Updated by SchoolGuy 2 days ago
My understanding is that the workloads are executed in the VMs. The VM image type is, in this case, an OCI-compliant Docker image (yes, this is a thing https://github.com/codecrafters-io/oci-image-executor).
So from a network perspective:
- Host has a systemd service that executes Firecracker VMs
- VM executes any workload that the GitHub Action decides to execute.
This means the host is pulling the images from ghcr.io and the ephemeral VMs download and execute any PyPi/Docker Hub/pkgs.go.dev/Rust Crates/Node.js packages that are needed to run the GitHub Action workflow. So the VMs will get full internet access and the Host will need access to ghcr.io and whatever else the Ansible Playbooks asks for.
Updated by SchoolGuy 2 days ago · Edited
P.S.: Looking at the Ansible code, they are installing everything from source. While we can change this in the long run, I would still like to deploy the Ansible Playbook as-is to have some progress. I would commit to opening an issue and attempting to gain support from them to install as much as possible from openSUSE packaged RPMs.
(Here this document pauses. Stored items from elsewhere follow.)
Lemma mxvec_index_val m n (i : 'I_m) (j : 'I_n) :
  nat_of_ord (mxvec_index i j) = (i * n + j)%N.
Proof.
rewrite /mxvec_index /= /enum_rank enum_rank_in.unlock insubdK.
  rewrite enumT (_ : Finite.enum _ = prod_enum 'I_m 'I_n); last by rewrite unlock.
  by rewrite /prod_enum index_allpairs ?mem_enum // size_enum_ord !index_enum_ord.
by rewrite cardE [_ \in _]index_mem mem_enum.
Qed.

Lemma kron_tensmx (K : fieldType) m1 n1 m2 n2 (A : 'M[K]_(m1, n1))
    (B : 'M[K]_(m2, n2)) :
  kron A B = A *t B.
Proof.
have idx m n (i a : 'I_m) (j b : 'I_n) : (mxtens_index (i, j) == mxvec_index a b)
    = ((nat_of_ord a == i) && (nat_of_ord b == j))%N.
  rewrite -[_ == _]/(nat_of_ord (mxtens_index (i, j)) == mxvec_index a b)%N.
  by rewrite mxvec_index_val /= eq_addl_mul ?ltn_ord // xpair_eqE.
apply/matrixP => i j.
case: (mxtens_indexP i) => i1 i2; case: (mxtens_indexP j) => j1 j2.
rewrite tensmxE mxE.
transitivity (\sum_(a1 < m1) ((nat_of_ord a1 == i1)%N)%:R *
    \sum_(a2 < m2) ((nat_of_ord a2 == i2)%N)%:R *
    \sum_(b1 < n1) ((nat_of_ord b1 == j1)%N)%:R *
    \sum_(b2 < n2) ((nat_of_ord b2 == j2)%N)%:R * (A a1 b1 * B a2 b2));
  last by rewrite !sum_delta.
apply: eq_bigr => a1 _; rewrite mulr_sumr; apply: eq_bigr => a2 _.
rewrite !mulr_sumr; apply: eq_bigr => b1 _; rewrite !mulr_sumr; apply: eq_bigr => b2 _.
rewrite !idx.
by do 4!case: eqP => _; rewrite /= ?mul0r ?mul1r ?mulr0 ?mulr1 ?mulrA.
Qed.

Lemma tensmxDl (K : fieldType) m n p q (X Y : 'M[K]_(m, n)) (C : 'M[K]_(p, q)) :
  (X + Y) *t C = X *t C + Y *t C.
Proof. by apply/matrixP => i j; rewrite !mxE mulrDl. Qed.

Lemma tensmxDr (K : fieldType) m n p q (X Y : 'M[K]_(m, n)) (C : 'M[K]_(p, q)) :
  C *t (X + Y) = C *t X + C *t Y.
Proof. by apply/matrixP => i j; rewrite !mxE mulrDr. Qed.

Lemma tensmx11 (K : fieldType) a b : (1%:M : 'M[K]_a) *t (1%:M : 'M[K]_b) = 1%:M.
Proof.
apply/matrixP => i j.
case: (mxtens_indexP i) => i1 i2; case: (mxtens_indexP j) => j1 j2.
rewrite tensmxE !mxE -natrM mulnb.
rewrite -[_ == mxtens_index _]/(nat_of_ord (mxtens_index (i1, i2))
  == nat_of_ord (mxtens_index (j1, j2)))%N.
by rewrite /= eq_addl_mul ?ltn_ord // xpair_eqE.
Qed.

Lemma tensmx_gram (K : fieldType) m1 m2 n1 n2 p1 p2 (A : 'M[K]_(m1, n1))
    (A' : 'M[K]_(m2, n2)) (B : 'M[K]_n1) (B' : 'M[K]_n2) (C : 'M[K]_(p1, n1))
    (C' : 'M[K]_(p2, n2)) :
  (A *t A') *m (B *t B') *m (C *t C')^T = (A *m B *m C^T) *t (A' *m B' *m C'^T).
Proof. by rewrite trmx_tens !tensmx_mul. Qed.

Lemma col_mx_split (K : fieldType) m1 m2 n (A : 'M[K]_(m1, n)) (B : 'M[K]_(m2, n)) :
  col_mx A B = col_mx 1%:M 0 *m A + col_mx 0 1%:M *m B.
Proof. by rewrite !mul_col_mx !mul1mx !mul0mx add_col_mx addr0 add0r. Qed.

Lemma col_tensmx_sub (K : fieldType) m1 m2 n p q s (A : 'M[K]_(m1, n))
    (B : 'M[K]_(m2, n)) (C : 'M[K]_(p, q)) (S : 'M[K]_(s, n * q)) :
  (A *t C <= S)%MS -> (B *t C <= S)%MS -> (col_mx A B *t C <= S)%MS.
Proof.
have sub r r' (E : 'M[K]_(r, r')) (X : 'M[K]_(r', n)) : ((E *m X) *t C <= X *t C)%MS.
  by rewrite -[C in X in (X <= _)%MS]mul1mx -tensmx_mul submxMl.
move=> sA sB; rewrite col_mx_split tensmxDl; apply: addmx_sub.
  exact: submx_trans (sub _ _ _ A) sA.
exact: submx_trans (sub _ _ _ B) sB.
Qed.

Lemma tensmx_col_sub (K : fieldType) m1 m2 n p q s (A : 'M[K]_(m1, n))
    (B : 'M[K]_(m2, n)) (C : 'M[K]_(p, q)) (S : 'M[K]_(s, q * n)) :
  (C *t A <= S)%MS -> (C *t B <= S)%MS -> (C *t col_mx A B <= S)%MS.
Proof.
have sub r r' (E : 'M[K]_(r, r')) (X : 'M[K]_(r', n)) : (C *t (E *m X) <= C *t X)%MS.
  by rewrite -[C in X in (X <= _)%MS]mul1mx -tensmx_mul submxMl.
move=> sA sB; rewrite col_mx_split tensmxDr; apply: addmx_sub.
  exact: submx_trans (sub _ _ _ A) sA.
exact: submx_trans (sub _ _ _ B) sB.
Qed.

Lemma tensmx_row_full (K : fieldType) m1 n1 m2 n2 (A : 'M[K]_(m1, n1))
    (B : 'M[K]_(m2, n2)) :
  row_full A -> row_full B -> row_full (A *t B).
Proof.
move=> /row_fullP [X hX] /row_fullP [Y hY]; apply/row_fullP.
by exists (X *t Y); rewrite tensmx_mul hX hY tensmx11.
Qed.

Section V2m.
Variables (K : fieldType) (m : nat).
Hypothesis hK : (2 \in [pchar K])%N.

Local Notation n := (2 * m)%N.

Definition Vnil : 'M[K]_n := Vmx K m - 1%:M.

Lemma VnilE (i j : 'I_n) :
  Vnil i j = (if (i <= m)%N then (j < i)%N else (j.+1 == i)%N)%:R.
Proof.
rewrite /Vnil !mxE -!val_eqE /=.
case: ifP => _; case: (ssrnat.ltngtP i j) => h /=.
all: rewrite ?(introF eqP (_ : nat_of_ord i <> j)) ?(introF eqP (_ : nat_of_ord j <> i)); try lia.
all: rewrite ?h ?eqxx ?subr0 ?subrr //.
by rewrite eqn_leq ltnn.
Qed.

Lemma Vnil_upper (i j : 'I_n) : (i <= j)%N -> Vnil i j = 0.
Proof.
move=> h; rewrite VnilE; case: ifP => _; first by rewrite ltnNge h.
by rewrite (introF eqP (_ : j.+1 <> i)) //; lia.
Qed.

Lemma Vnil_subdiag (i j : 'I_n) : j.+1 = i -> Vnil i j = 1.
Proof. by move=> h; rewrite VnilE -h ltnSn eqxx if_same. Qed.

Definition krylov t : 'rV[K]_n :=
  (\row_j ((nat_of_ord j == n.-1)%N)%:R) *m Vnil ^+ t.

Lemma krylovE t (j : 'I_n) :
  (n.-1 <= j + t)%N -> krylov t 0 j = ((j + t)%N == n.-1)%:R.
Proof.
elim: t j => [|t IH] j hj; first by rewrite /krylov expr0 mulmx1 mxE addn0.
rewrite /krylov exprSr mulmxA mxE -/(krylov t).
rewrite (eq_bigr (fun a : 'I_n =>
    ((j.+1 <= a) && (a < j.+1 + ((j + t.+1)%N == n.-1)))%N%:R)); last first.
  move=> a _; case: (ssrnat.ltngtP a j.+1) => ha.
  - by rewrite Vnil_upper ?mulr0 ?(introF andP (_ : ~ (_ /\ _))) //; lia.
  - rewrite IH; last lia.
    by rewrite (introF eqP (_ : (a + t)%N <> n.-1)) ?mul0r
      ?(introF andP (_ : ~ (_ /\ _))) //; lia.
  - by rewrite Vnil_subdiag ?IH ?mulr1; [congr (_%:R); lia | lia | lia].
by rewrite -natr_sum count_interval; congr (_%:R); lia.
Qed.

Lemma Vmx_square : Vmx K m *m Vmx K m = 1%:M + Vnil *m Vnil.
Proof.
have -> : Vmx K m = Vnil + 1%:M by rewrite /Vnil subrK.
exact: (mx_sqr_add1 hK).
Qed.

Definition evenKrylov : 'M[K]_(m, n) :=
  \matrix_(i < m, j < n) krylov (2 * (m.-1 - i)) 0 j.

Lemma row_evenKrylov (i : 'I_m) : row i evenKrylov = krylov (2 * (m.-1 - i)).
Proof. by apply/rowP => j; rewrite !mxE. Qed.

Lemma evenKrylov_square :
  evenKrylov *m Vmx K m *m Vmx K m = Jblock K m *m evenKrylov.
Proof.
rewrite -mulmxA Vmx_square mulmxDr mulmx1.
apply/matrixP => i j; rewrite [LHS]mxE.
have -> : (evenKrylov *m (Vnil *m Vnil)) i j = krylov (2 * (m.-1 - i) + 2) 0 j.
  have -> : krylov (2 * (m.-1 - i) + 2) = krylov (2 * (m.-1 - i)) *m (Vnil *m Vnil).
    by rewrite /krylov -mulmxA exprD expr2.
  by rewrite -row_evenKrylov -row_mul [RHS]mxE.
rewrite [RHS]mxE (eq_bigr (fun a => ((nat_of_ord a == i)%N)%:R * evenKrylov a j
    + ((a.+1 == i)%N)%:R * evenKrylov a j)); last first.
  move=> a _; rewrite mxE -mulrDl -val_eqE /=; congr (_ * _).
  by case: eqP => h1; case: eqP => h2 /=; rewrite ?addr0 ?add0r //; lia.
rewrite big_split /= sum_delta; congr (_ + _).
have lt_i := ltn_ord i; case: (posnP i) => [i0 | i_gt0].
  rewrite big1; last by move=> a _; rewrite i0 mul0r.
  by rewrite krylovE ?(introF eqP (_ : (j + _)%N <> n.-1)) //; lia.
have lt_pi : (i.-1 < m)%N by lia.
rewrite (eq_bigr (fun a => ((nat_of_ord a == Ordinal lt_pi)%N)%:R * evenKrylov a j));
  last by move=> a _ /=; congr (_%:R * _); lia.
by rewrite sum_delta [RHS]mxE /= (_ : (2 * _ + 2 = 2 * (m.-1 - i.-1))%N) //; lia.
Qed.
(* Let $X$ be a Frobenius semiring. (1) $2=4$ in $X$; consequently any $m,n\in\mathbb{N}$ with $m,n\ge2$ and of equal parity are equal in $X$. (2) If $X$ is upper-bound, then $2=3$ in $X$; consequently any $m,n\in\mathbb{N}_{\ge2}$ are equal in $X$.
   Context: A semiring $(X,+,0,\cdot)$: $(X,+,0)$ commutative monoid, $(X,\cdot)$ semigroup, distributivity, $0$ absorbing. A Frobenius semiring is a unital commutative semiring with $(x+y)^n=x^n+y^n$ for all $x,y\in X$, $n\ge1$. A natural number $n$ is identified with $1+\dots+1$ ($n$ times) in $X$. Intrinsic order: $a\le b$ iff $a+x=b$ for some $x$; upper-bound means this preorder is antisymmetric. *)

From mathcomp Require Import all_boot all_algebra.
Set Implicit Arguments. Unset Strict Implicit. Unset Printing Implicit Defensive.
Import GRing.Theory.
Local Open Scope ring_scope.

Definition frobenius (X : comPzSemiRingType) : Prop :=
  forall (x y : X) (n : nat), (1 <= n)%N -> (x + y) ^+ n = x ^+ n + y ^+ n.

Definition intrinsic_le (X : comPzSemiRingType) (a b : X) : Prop :=
  exists x : X, a + x = b.

Definition upper_bound (X : comPzSemiRingType) : Prop :=
  forall a b : X, intrinsic_le a b -> intrinsic_le b a -> a = b.

(* Expanding (1 + 1)^2 = 1^2 + 1^2 gives 4 = 2, so the natural numbers become
   periodic with period 2 from 2 on.  In an upper-bound semiring the chain
   2 <= 3 <= 4 = 2 collapses, giving 2 = 3 and hence period 1. *)

From mathcomp Require Import all_boot all_algebra.
Set Implicit Arguments. Unset Strict Implicit. Unset Printing Implicit Defensive.
Import GRing.Theory.
Local Open Scope ring_scope.

Lemma frobenius_natr2_eq4 (X : comPzSemiRingType) :
  frobenius X -> (2%:R : X) = 4%:R.
Proof.
move=> hX; have := hX 1 1 2 isT.
by rewrite !expr1n -mulr2n -natrX => ->.
Qed.

Section EventuallyPeriodicNatr.

Variables (R : pzSemiRingType) (p d : nat).
Hypothesis natr_period : (p%:R : R) = (p + d)%:R.

Lemma natr_add_period k q : ((p + k + d * q)%:R : R) = (p + k)%:R.
Proof.
elim: q => [|q IHq]; first by rewrite muln0 addn0.
by rewrite mulnS -addnA (addnCA k) addnA natrD -natr_period -natrD addnA IHq.
Qed.

Lemma natr_eq_mod m n :
  (p <= m)%N -> (p <= n)%N -> m = n %[mod d] -> (m%:R : R) = n%:R.
Proof.
wlog le_mn : m n / (m <= n)%N => [hwlog hm hn emn|hm _ emn].
  case/orP: (leq_total m n) => [le_mn | le_nm]; first exact: hwlog.
  by symmetry; apply: hwlog.
have /dvdnP [q def_q] : (d %| n - m)%N by rewrite -eqn_mod_dvd // emn.
by rewrite -(subnKC le_mn) def_q -(subnKC hm) mulnC natr_add_period.
Qed.

End EventuallyPeriodicNatr.

Lemma upper_bound_natr_between (X : comPzSemiRingType) (m k n : nat) :
  upper_bound X -> (m%:R : X) = n%:R -> (m <= k <= n)%N -> (m%:R : X) = k%:R.
Proof.
move=> ub emn /andP [le_mk le_kn]; apply: ub.
  by exists (k - m)%:R; rewrite -natrD subnKC.
by exists (n - k)%:R; rewrite -natrD subnKC.
Qed.

Theorem lemma3p3 (X : comPzSemiRingType) (hX : frobenius X) :
  ((2%:R : X) = 4%:R /\
   forall m n : nat, (2 <= m)%N -> (2 <= n)%N -> odd m = odd n ->
     (m%:R : X) = n%:R) /\
  (upper_bound X ->
   (2%:R : X) = 3%:R /\
   forall m n : nat, (2 <= m)%N -> (2 <= n)%N -> (m%:R : X) = n%:R).
Proof.
have h24 := frobenius_natr2_eq4 hX.
split.
  split=> // m n hm hn odd_mn.
  by apply: (@natr_eq_mod X 2 2) => //; rewrite !modn2 odd_mn.
move=> ub; have h23 : (2%:R : X) = 3%:R by apply: upper_bound_natr_between h24 _.
split=> // m n hm hn.
by apply: (@natr_eq_mod X 2 1) => //; rewrite !modn1.
Qed.
(* For every non-empty list $\Omega$ of atoms, the posets $\mathrm{Frm}_\Omega$ and $\mathrm{Ctx}_\Omega$ are lattices.
   Context: Formulas are built from atoms ($p,q,\dots$) by a binary product: every formula is an atom or $A\bullet B$. A context is a finite (possibly empty) list of formulas; commas denote concatenation. The frontier $\mathrm{fr}$ of a formula is its ordered list of atom occurrences: $\mathrm{fr}(p)=p$, $\mathrm{fr}(A\bullet B)=\mathrm{fr}(A),\mathrm{fr}(B)$; the frontier of a context is the concatenation of the frontiers of its formulas. The sequent calculus has exactly four rules (no weakening, contraction or exchange): ($\bullet L$) from $A,B,\Delta\vdash C$ infer $A\bullet B,\Delta\vdash C$ (the product must be leftmost); ($\bullet R$) from $\Gamma\vdash A$ and $\Delta\vdash B$ infer $\Gamma,\Delta\vdash A\bullet B$; ($id$) $A\vdash A$; ($cut$) from $\Theta\vdash A$ and $\Gamma,A,\Delta\vdash B$ infer $\Gamma,\Theta,\Delta\vdash B$; derivable means conclusion of a finite derivation tree with no undischarged premises. The Tamari order $\le$ on formulas is the least preorder with $(A\bullet B)\bullet C\le A\bullet(B\bullet C)$ and $A_1\le A_2$, $B_1\le B_2$ implying $A_1\bullet B_1\le A_2\bullet B_2$. The substitution order on contexts is the least relation $\le$ such that: (1) if $\Gamma\vdash A$ is derivable then $\Gamma\le A$ (the one-element context); (2) $\cdot\le\cdot$ for the empty context; (3) if $\Gamma_1\le\Gamma_2$ and $\Theta_1\le\Theta_2$ then $(\Gamma_1,\Theta_1)\le(\Gamma_2,\Theta_2)$. $\mathrm{Frm}_\Omega$ is the set of formulas with frontier $\Omega$ under the Tamari order, and $\mathrm{Ctx}_\Omega$ is the set of contexts with frontier $\Omega$ under the substitution order. *)

From Stdlib Require Import List.
Import ListNotations.
Set Implicit Arguments.

Section Defs.
Variable Atom : Type.

Inductive formula : Type :=
| At : Atom -> formula
| Prod : formula -> formula -> formula.

Definition context := list formula.

Fixpoint fr (F : formula) : list Atom :=
  match F with
  | At p => [p]
  | Prod A B => fr A ++ fr B
  end.

Definition frc (G : context) : list Atom := flat_map fr G.

Inductive derivable : context -> formula -> Prop :=
| d_prodL : forall A B D C,
    derivable (A :: B :: D) C -> derivable (Prod A B :: D) C
| d_prodR : forall G D A B,
    derivable G A -> derivable D B -> derivable (G ++ D) (Prod A B)
| d_id : forall A, derivable [A] A
| d_cut : forall Th A G D B,
    derivable Th A -> derivable (G ++ A :: D) B -> derivable (G ++ Th ++ D) B.

Inductive tamari : formula -> formula -> Prop :=
| t_refl : forall A, tamari A A
| t_trans : forall A B C, tamari A B -> tamari B C -> tamari A C
| t_assoc : forall A B C, tamari (Prod (Prod A B) C) (Prod A (Prod B C))
| t_mono : forall A1 A2 B1 B2,
    tamari A1 A2 -> tamari B1 B2 -> tamari (Prod A1 B1) (Prod A2 B2).

Inductive subst_le : context -> context -> Prop :=
| s_deriv : forall G A, derivable G A -> subst_le G [A]
| s_nil : subst_le [] []
| s_app : forall G1 G2 T1 T2,
    subst_le G1 G2 -> subst_le T1 T2 -> subst_le (G1 ++ T1) (G2 ++ T2).

End Defs.

Definition is_lattice {T : Type} (X : T -> Prop) (le : T -> T -> Prop) : Prop :=
  (forall x, X x -> le x x) /\
  (forall x y, X x -> X y -> le x y -> le y x -> x = y) /\
  (forall x y z, X x -> X y -> X z -> le x y -> le y z -> le x z) /\
  (forall x y, X x -> X y ->
     exists m, X m /\ le m x /\ le m y /\
       (forall z, X z -> le z x -> le z y -> le z m)) /\
  (forall x y, X x -> X y ->
     exists j, X j /\ le x j /\ le y j /\
       (forall z, X z -> le x z -> le y z -> le j z)).

Definition Frm {Atom : Type} (Om : list Atom) : formula Atom -> Prop :=
  fun F => fr F = Om.
Definition Ctx {Atom : Type} (Om : list Atom) : context Atom -> Prop :=
  fun G => frc G = Om.

(** Encode a formula by its bracket vector, whose entry at an atom occurrence is the number
    of atoms of the largest subformula whose frontier starts there.  Then A ≤ B in the Tamari
    order iff A and B have the same frontier and the bracket vector of A is componentwise
    below that of B.  A sequent A₁, …, Aₙ ⊢ C is derivable iff (…(A₁•A₂)…)•Aₙ ≤ C, so the
    substitution order on contexts is likewise the componentwise order on concatenated
    bracket vectors.  The vectors that occur are exactly the well-nested ones; these are
    closed under componentwise minimum and can be decoded, which gives meets of contexts.
    Since Γ ↦ (…(p•Γ₁)…)•Γₙ is an order isomorphism from Ctx_Ω onto Frm_{pΩ}, formulas have
    meets too; mirroring formulas reverses the Tamari order and turns meets into joins, and
    the same isomorphism carries joins back to contexts. *)

From Stdlib Require Import List Arith Lia RelationClasses.
Import ListNotations.

Lemma app_inj_length {T : Type} (l1 l2 l1' l2' : list T) :
  length l1 = length l1' -> l1 ++ l2 = l1' ++ l2' -> l1 = l1' /\ l2 = l2'.
Proof.
  revert l1'; induction l1 as [|x l1 IH]; intros [|y l1'] Hl He;
    try discriminate; auto.
  injection He as -> He. destruct (IH l1') as [-> ->]; auto.
Qed.

Lemma firstn_app_length {T : Type} n (l1 l2 : list T) :
  n = length l1 -> firstn n (l1 ++ l2) = l1.
Proof. intros ->. rewrite firstn_app, Nat.sub_diag, firstn_all. apply app_nil_r. Qed.

Lemma skipn_app_length {T : Type} n (l1 l2 : list T) :
  n = length l1 -> skipn n (l1 ++ l2) = l2.
Proof. intros ->. rewrite skipn_app, Nat.sub_diag, skipn_all. reflexivity. Qed.

Lemma Forall2_app_inv_length {A B : Type} (R : A -> B -> Prop) a1 a2 b1 b2 :
  length a1 = length b1 -> Forall2 R (a1 ++ a2) (b1 ++ b2) ->
  Forall2 R a1 b1 /\ Forall2 R a2 b2.
Proof.
  intros Hl (b1' & b2' & H1 & H2 & E)%Forall2_app_inv_l.
  apply Forall2_length in H1 as Hl'.
  destruct (app_inj_length b1 b2 b1' b2') as [-> ->]; auto; congruence.
Qed.

#[local] Instance Forall2_Reflexive (A : Type) (R : A -> A -> Prop) `{Reflexive A R} :
  Reflexive (Forall2 R).
Proof. intros l; induction l; constructor; auto. Qed.

#[local] Instance Forall2_Transitive (A : Type) (R : A -> A -> Prop) `{Transitive A R} :
  Transitive (Forall2 R).
Proof.
  intros a b c Hab; revert c; induction Hab; intros c Hbc; inversion Hbc; subst;
    constructor; eauto.
Qed.

Lemma Forall2_antisym {A : Type} {R : A -> A -> Prop} :
  (forall x y, R x y -> R y x -> x = y) ->
  forall a b, Forall2 R a b -> Forall2 R b a -> a = b.
Proof.
  intros Hanti a b H; induction H; intros H'; inversion H'; subst; f_equal; auto.
Qed.

Lemma Forall2_tl {A B : Type} (R : A -> B -> Prop) a b :
  Forall2 R a b -> Forall2 R (tl a) (tl b).
Proof. intros []; auto. Qed.

(** * Well-nested vectors *)

(** Read an entry [x] of a vector as the block of the [x] entries starting at it.
    [bounded]: every block ends inside the vector; [well_nested]: blocks are nonempty and
    every block starting inside a block ends inside it. *)
Fixpoint bounded (l : list nat) : Prop :=
  match l with
  | [] => True
  | x :: l' => x <= S (length l') /\ bounded l'
  end.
Source: https://github.com/hostinger/ansible-collection-fireactions
Updated by crameleon 1 day ago
Thanks for explaining.
So the VMs will get full internet access
Doesn't this put us in the same situation, where the CI workloads get unrestricted access to the internet as a result?
I would commit to opening an issue and attempting to gain support from them to install as much as possible from openSUSE packaged RPMs.
I'm not sure how much interest upstream would have to work on this, but I would be happy to do the packaging.
Updated by crameleon 1 day ago
It's not so much about what's running in the container or VM, I trust we can implement good means of isolation, especially with the VM approach.
I more care about our current network setup not being ready to deal with arbitrary internet load from strangers.
Someone can cause either technical problems by saturating all of our uplink through big downloads, or cause us legal problems through problematic downloads.
Allowing outbound traffic to only selected resources on the internet would mitigate these concerns (even if not ruling them out completely).
I do want to implement based bandwidth throttling and traffic observability in our infrastructure at some point, but it's not there yet.
contributors are vetted by me
It sounds like you would be ok with limiting who's allowed to start pipelines on these runners instead of allowing arbitrary GitHub users to do so. I think this would definitely help until I have better protections in place (once that is the case, I would be happy to relax the restrictions, as to make it less annoying for external contributors).
Would you mind briefly elaborating how this would look like in practice? I guess filtering by organization members can be considered trustworthy for the ~25 people in Cobbler (https://github.com/orgs/cobbler/people), but I'm not confident about applying the same trust of not accidentally running pipelines on malicious PRs to the ~450 people in openSUSE (https://github.com/orgs/openSUSE/people). Or would it happen on a team or repository level?
Updated by SchoolGuy 1 day ago
The runners in openSUSE would be for anyone in the org to use, so yes, that is a much higher level. However, since there seems to be no need, we could create pools per-repository, which would limit it. With Cobbler, you have already guessed that it is sub 30 people.
GitHub, by default, requires a maintainer to approve running the workflows. Meaning, on a PR of a member that hasn't made a PR which was merged, the workflow is not executed. This is the mechanism that is in place and in my eyes, enough to protect from abuse.